▶ Try it: The job is to find each line in the entries holding the string "Definition" and copy that line.

▶ Data excerpts:
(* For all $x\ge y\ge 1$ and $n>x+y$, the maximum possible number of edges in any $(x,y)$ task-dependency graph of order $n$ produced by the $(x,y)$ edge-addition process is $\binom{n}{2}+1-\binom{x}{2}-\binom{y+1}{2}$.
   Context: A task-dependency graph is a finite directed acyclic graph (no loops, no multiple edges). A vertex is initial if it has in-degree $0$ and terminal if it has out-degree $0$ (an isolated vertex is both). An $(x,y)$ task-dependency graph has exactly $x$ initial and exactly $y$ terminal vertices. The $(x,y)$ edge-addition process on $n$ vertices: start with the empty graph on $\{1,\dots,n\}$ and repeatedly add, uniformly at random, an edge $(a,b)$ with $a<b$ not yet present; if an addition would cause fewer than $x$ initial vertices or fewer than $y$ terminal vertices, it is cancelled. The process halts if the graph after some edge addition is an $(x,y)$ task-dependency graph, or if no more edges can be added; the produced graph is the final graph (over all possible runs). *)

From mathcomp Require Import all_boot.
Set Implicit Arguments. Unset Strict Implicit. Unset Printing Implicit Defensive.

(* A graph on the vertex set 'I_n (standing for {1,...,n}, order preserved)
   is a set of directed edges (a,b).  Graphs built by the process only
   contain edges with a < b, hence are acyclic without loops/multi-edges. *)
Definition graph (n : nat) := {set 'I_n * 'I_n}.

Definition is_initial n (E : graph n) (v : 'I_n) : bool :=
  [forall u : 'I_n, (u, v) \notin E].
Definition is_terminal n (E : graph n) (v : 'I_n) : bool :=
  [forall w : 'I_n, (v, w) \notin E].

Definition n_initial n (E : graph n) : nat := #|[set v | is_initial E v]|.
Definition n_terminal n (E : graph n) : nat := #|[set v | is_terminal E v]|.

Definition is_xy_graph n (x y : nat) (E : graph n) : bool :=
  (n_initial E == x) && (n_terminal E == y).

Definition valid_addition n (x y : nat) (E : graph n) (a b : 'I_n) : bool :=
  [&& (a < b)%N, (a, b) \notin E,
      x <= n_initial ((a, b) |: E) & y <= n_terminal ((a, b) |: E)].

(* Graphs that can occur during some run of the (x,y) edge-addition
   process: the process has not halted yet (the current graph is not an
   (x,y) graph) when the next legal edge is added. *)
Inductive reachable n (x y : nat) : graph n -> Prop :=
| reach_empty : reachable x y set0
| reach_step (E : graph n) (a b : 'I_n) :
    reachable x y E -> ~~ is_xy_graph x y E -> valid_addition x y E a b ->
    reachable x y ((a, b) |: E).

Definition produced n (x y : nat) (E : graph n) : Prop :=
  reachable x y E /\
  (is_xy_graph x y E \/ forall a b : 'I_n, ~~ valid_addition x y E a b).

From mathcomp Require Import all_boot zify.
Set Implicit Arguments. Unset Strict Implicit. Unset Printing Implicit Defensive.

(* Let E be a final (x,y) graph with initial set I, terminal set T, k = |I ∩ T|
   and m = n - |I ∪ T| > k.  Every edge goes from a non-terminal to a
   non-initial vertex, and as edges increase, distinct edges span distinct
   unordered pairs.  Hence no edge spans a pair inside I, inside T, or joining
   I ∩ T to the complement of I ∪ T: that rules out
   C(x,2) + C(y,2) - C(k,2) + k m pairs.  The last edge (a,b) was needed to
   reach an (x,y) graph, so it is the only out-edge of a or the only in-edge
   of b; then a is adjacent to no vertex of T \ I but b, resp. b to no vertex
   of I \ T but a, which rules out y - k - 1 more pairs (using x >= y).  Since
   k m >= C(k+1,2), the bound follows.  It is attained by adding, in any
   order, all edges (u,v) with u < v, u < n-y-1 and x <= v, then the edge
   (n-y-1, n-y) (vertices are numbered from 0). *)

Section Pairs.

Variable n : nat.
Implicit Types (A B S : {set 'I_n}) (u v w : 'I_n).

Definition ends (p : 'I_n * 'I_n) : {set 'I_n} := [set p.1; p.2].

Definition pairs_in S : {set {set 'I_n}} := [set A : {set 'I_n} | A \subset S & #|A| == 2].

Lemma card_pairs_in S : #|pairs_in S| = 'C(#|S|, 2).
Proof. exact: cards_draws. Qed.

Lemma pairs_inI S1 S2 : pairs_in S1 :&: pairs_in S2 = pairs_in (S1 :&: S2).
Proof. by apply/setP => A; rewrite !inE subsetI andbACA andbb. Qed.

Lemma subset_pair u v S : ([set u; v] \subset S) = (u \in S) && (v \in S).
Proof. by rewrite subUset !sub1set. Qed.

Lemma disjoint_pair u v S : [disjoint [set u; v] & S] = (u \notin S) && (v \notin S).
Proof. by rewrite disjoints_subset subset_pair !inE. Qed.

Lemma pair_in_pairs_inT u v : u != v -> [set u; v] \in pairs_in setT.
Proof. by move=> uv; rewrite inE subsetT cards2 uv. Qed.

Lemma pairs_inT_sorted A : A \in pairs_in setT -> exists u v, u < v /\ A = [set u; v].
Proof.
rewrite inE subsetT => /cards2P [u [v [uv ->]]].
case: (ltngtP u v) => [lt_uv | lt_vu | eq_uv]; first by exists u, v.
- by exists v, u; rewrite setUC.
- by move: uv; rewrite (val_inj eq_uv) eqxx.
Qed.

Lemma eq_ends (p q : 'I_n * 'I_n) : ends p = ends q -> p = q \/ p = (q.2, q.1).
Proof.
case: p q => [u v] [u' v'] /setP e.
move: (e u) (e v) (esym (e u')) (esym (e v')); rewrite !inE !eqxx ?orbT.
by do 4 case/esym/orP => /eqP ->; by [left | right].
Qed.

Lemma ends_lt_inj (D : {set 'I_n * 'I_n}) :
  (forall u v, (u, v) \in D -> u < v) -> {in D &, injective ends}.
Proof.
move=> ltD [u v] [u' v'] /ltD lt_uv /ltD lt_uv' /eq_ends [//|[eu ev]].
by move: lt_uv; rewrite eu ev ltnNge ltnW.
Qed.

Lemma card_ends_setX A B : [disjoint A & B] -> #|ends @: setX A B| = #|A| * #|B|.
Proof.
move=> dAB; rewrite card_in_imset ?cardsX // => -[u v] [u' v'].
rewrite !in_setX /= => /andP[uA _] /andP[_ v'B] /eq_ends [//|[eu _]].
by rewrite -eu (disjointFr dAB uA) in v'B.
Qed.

▶ Expected output:
Definition graph (n : nat) := {set 'I_n * 'I_n}.
Definition is_initial n (E : graph n) (v : 'I_n) : bool :=
Definition is_terminal n (E : graph n) (v : 'I_n) : bool :=
Definition n_initial n (E : graph n) : nat := #|[set v | is_initial E v]|.
Definition n_terminal n (E : graph n) : nat := #|[set v | is_terminal E v]|.
Definition is_xy_graph n (x y : nat) (E : graph n) : bool :=
Definition valid_addition n (x y : nat) (E : graph n) (a b : 'I_n) : bool :=
Definition produced n (x y : nat) (E : graph n) : Prop :=
Definition ends (p : 'I_n * 'I_n) : {set 'I_n} := [set p.1; p.2].
Definition pairs_in S : {set {set 'I_n}} := [set A : {set 'I_n} | A \subset S & #|A| == 2].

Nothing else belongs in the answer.